- [TASK ITEM]
Please report each line in the material below that includes "exists".

-=-=-=-=-

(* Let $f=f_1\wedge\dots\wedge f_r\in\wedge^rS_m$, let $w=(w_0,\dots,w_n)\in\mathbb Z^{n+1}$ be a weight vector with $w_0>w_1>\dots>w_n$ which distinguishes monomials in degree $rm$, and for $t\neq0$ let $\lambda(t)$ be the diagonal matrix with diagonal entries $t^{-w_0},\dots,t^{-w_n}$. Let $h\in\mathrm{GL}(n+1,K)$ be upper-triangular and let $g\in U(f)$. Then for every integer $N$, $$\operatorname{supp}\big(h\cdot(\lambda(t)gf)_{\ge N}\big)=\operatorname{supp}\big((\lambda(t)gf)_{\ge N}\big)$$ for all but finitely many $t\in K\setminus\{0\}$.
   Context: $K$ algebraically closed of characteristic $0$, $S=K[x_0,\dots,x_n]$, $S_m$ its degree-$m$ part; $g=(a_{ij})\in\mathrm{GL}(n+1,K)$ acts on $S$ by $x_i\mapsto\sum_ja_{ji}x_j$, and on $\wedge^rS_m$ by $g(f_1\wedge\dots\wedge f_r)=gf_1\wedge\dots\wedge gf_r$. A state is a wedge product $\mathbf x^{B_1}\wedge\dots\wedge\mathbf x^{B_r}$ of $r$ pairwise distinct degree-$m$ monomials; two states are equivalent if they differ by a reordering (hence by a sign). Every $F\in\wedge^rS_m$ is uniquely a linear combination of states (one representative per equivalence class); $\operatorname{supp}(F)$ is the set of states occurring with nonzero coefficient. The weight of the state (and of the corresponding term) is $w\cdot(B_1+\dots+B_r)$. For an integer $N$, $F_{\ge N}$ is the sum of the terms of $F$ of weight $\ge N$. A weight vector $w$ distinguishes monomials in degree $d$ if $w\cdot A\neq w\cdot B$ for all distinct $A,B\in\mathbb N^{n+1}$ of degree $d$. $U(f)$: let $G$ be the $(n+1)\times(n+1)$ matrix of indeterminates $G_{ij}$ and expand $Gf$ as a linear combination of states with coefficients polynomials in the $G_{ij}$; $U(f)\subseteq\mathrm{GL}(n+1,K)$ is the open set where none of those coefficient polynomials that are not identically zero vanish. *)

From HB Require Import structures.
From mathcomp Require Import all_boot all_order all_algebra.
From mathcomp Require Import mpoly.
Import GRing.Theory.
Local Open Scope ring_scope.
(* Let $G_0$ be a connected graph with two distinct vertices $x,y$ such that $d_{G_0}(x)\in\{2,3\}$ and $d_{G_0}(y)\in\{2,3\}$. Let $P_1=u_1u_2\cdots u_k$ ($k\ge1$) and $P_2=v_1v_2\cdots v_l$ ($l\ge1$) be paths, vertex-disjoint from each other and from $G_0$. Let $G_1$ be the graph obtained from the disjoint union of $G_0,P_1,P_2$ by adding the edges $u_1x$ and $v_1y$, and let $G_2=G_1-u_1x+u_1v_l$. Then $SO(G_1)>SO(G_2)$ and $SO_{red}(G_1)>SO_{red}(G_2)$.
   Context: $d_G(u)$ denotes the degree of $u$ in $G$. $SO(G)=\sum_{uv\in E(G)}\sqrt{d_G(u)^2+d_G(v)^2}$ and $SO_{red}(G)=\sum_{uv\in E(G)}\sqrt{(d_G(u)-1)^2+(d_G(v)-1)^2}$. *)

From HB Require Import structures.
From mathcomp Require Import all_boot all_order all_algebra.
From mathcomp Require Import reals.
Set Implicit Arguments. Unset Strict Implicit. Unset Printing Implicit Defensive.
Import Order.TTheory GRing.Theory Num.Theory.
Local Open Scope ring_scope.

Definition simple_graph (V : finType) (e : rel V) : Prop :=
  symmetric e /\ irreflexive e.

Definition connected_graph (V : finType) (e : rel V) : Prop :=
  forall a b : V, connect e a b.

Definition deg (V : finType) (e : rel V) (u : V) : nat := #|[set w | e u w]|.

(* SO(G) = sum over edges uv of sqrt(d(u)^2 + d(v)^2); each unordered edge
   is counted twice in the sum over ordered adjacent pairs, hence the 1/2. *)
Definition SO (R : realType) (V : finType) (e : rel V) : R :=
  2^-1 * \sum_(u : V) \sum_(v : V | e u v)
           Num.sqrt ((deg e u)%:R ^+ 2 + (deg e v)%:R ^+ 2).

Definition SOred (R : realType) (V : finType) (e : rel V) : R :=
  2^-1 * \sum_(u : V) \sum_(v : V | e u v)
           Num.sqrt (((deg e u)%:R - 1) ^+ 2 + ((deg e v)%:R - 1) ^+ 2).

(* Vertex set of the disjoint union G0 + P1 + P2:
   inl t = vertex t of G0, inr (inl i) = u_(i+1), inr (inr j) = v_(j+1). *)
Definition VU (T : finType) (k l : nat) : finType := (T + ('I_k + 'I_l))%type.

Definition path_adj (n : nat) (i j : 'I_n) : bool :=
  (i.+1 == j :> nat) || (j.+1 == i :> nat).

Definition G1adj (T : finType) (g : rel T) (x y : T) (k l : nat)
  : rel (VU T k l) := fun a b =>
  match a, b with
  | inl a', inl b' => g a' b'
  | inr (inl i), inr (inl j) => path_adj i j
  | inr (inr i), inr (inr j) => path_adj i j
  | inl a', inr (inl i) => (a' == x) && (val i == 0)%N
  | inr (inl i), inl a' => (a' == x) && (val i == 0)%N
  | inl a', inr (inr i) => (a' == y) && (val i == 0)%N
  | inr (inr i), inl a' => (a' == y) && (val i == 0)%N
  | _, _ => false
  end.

-=-=-=-=-

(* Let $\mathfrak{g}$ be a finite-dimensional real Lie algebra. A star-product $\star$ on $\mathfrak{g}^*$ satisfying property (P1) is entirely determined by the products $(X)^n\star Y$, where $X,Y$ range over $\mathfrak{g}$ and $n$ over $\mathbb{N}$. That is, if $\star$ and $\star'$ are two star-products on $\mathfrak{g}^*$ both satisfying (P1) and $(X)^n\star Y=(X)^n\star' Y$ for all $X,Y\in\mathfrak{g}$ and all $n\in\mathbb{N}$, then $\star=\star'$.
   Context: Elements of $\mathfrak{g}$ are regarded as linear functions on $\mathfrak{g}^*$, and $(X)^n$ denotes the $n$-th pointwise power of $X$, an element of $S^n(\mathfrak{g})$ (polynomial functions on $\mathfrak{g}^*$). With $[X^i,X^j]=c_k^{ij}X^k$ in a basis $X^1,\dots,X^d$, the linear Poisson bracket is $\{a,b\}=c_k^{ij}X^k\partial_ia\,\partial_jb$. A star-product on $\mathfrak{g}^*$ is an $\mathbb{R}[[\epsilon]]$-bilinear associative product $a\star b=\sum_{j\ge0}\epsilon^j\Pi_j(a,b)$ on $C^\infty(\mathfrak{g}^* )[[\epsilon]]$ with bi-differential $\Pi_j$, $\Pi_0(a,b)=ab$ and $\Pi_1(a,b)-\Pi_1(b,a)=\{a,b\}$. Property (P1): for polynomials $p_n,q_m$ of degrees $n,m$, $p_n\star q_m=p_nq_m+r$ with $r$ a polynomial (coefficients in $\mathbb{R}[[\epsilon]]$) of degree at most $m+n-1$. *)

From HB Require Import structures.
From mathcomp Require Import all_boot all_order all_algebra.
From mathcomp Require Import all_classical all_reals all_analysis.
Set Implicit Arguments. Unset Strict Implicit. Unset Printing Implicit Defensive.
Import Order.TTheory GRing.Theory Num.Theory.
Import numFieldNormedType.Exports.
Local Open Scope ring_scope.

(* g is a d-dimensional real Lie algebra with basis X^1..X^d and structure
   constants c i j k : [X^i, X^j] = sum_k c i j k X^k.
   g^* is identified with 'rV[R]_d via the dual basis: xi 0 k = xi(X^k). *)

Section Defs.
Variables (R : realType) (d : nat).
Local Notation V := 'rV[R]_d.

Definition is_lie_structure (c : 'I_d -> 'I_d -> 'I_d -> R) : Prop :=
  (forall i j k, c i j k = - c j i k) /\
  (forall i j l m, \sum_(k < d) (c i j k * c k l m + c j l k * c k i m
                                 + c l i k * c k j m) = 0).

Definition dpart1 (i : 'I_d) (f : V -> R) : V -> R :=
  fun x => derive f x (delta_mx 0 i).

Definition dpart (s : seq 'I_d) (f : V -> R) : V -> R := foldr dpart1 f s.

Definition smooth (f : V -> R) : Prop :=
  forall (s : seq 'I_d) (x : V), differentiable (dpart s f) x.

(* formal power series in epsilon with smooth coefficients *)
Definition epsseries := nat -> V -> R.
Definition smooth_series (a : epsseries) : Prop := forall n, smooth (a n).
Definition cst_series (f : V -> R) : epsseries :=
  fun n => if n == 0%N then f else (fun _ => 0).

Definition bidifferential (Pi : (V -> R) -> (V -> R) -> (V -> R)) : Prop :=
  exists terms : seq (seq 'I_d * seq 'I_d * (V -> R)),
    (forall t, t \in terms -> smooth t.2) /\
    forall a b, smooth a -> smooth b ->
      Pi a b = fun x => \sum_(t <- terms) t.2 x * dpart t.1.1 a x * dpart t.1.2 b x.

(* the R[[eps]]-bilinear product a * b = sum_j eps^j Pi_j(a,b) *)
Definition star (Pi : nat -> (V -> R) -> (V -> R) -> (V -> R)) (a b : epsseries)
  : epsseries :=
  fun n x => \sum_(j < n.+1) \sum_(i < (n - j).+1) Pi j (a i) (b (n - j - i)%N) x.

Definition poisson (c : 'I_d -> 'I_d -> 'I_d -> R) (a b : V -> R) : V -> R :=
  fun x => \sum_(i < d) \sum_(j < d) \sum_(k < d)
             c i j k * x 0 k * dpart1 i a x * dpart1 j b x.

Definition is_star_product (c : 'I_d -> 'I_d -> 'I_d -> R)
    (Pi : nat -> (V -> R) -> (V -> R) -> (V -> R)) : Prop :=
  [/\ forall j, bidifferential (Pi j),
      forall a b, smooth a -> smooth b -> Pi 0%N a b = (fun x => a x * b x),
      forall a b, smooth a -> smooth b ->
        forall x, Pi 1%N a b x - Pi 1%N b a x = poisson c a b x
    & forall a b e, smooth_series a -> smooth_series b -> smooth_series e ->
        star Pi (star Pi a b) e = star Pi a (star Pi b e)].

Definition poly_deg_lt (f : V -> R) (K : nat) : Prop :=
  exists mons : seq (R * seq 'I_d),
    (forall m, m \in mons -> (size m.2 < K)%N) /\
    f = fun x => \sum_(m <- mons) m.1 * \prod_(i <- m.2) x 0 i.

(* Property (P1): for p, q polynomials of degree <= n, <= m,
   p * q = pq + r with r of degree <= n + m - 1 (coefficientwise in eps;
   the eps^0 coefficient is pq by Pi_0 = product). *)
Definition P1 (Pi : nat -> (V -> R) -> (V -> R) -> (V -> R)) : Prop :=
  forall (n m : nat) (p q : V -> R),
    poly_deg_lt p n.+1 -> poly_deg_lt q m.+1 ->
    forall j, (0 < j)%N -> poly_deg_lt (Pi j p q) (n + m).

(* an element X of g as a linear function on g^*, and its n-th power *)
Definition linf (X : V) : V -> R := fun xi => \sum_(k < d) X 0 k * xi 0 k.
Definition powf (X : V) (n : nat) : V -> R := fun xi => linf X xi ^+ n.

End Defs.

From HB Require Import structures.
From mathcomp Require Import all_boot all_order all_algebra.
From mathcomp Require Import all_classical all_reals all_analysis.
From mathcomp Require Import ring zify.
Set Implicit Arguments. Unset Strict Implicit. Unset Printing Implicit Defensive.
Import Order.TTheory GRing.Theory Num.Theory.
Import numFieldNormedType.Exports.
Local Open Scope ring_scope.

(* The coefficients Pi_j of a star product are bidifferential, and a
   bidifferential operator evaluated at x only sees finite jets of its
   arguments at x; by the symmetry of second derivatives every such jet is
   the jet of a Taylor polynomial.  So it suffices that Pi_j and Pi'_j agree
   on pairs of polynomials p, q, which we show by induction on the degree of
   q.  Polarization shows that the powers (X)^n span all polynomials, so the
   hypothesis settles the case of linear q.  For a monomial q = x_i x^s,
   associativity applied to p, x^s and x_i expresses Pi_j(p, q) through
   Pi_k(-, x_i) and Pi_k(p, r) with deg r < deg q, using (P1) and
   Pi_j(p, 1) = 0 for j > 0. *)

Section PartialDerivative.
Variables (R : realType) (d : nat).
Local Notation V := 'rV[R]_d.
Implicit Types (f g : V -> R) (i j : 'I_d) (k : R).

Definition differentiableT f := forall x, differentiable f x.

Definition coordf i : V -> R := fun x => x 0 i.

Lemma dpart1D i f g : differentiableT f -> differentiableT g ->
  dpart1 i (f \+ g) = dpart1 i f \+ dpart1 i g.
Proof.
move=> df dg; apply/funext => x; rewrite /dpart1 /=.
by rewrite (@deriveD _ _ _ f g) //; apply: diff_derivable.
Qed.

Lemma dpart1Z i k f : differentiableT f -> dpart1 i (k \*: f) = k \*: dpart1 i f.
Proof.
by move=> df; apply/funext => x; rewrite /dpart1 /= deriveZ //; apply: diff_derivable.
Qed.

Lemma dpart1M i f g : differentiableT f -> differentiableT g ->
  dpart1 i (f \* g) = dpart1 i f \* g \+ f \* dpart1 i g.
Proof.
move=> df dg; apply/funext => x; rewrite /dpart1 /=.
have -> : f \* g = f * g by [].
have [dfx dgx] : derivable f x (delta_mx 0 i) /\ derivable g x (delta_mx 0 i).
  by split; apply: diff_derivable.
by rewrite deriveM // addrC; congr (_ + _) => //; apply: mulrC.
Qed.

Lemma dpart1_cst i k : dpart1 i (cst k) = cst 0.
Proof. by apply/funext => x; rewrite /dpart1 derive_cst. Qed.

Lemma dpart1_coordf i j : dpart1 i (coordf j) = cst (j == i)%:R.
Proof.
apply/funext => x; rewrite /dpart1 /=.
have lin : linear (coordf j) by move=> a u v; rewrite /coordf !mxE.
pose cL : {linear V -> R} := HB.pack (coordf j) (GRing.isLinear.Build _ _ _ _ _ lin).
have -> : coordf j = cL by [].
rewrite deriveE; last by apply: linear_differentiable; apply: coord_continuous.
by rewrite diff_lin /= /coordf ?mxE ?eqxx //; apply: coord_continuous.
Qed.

-=-=-=-=-

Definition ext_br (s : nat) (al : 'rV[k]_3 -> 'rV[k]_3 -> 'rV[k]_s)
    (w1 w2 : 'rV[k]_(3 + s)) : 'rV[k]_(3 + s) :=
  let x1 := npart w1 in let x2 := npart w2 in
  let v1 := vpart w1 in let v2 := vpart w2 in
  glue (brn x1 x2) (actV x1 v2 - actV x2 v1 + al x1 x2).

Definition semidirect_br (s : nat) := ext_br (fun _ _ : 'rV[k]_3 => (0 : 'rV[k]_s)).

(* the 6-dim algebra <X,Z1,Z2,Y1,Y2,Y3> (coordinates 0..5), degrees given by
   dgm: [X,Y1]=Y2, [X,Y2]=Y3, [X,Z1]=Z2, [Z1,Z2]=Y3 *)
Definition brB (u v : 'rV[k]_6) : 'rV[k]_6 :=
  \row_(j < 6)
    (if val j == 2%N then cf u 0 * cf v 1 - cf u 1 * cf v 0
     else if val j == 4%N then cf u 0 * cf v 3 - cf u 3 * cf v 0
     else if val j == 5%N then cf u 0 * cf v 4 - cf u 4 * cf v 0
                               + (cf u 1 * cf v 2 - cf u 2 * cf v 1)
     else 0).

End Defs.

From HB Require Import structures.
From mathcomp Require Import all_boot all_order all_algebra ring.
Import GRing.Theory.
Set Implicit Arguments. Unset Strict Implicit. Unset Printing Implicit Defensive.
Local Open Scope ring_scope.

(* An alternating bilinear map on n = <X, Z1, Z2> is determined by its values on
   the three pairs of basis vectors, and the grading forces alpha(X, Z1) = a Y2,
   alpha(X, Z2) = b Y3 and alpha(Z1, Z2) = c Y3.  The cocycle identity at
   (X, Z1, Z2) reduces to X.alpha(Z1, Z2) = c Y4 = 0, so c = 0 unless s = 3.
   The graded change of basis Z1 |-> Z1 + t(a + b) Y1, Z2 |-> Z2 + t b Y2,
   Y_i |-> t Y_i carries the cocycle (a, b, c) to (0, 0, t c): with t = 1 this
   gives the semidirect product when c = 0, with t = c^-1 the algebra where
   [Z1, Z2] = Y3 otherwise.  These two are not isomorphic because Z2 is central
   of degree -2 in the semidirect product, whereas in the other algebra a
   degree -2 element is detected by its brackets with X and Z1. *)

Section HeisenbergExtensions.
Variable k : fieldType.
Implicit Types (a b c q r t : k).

-=-=-=-=-

- [EXERCISE ANSWER]
  exists terms : seq (seq 'I_d * seq 'I_d * (V -> R)),
  exists mons : seq (R * seq 'I_d),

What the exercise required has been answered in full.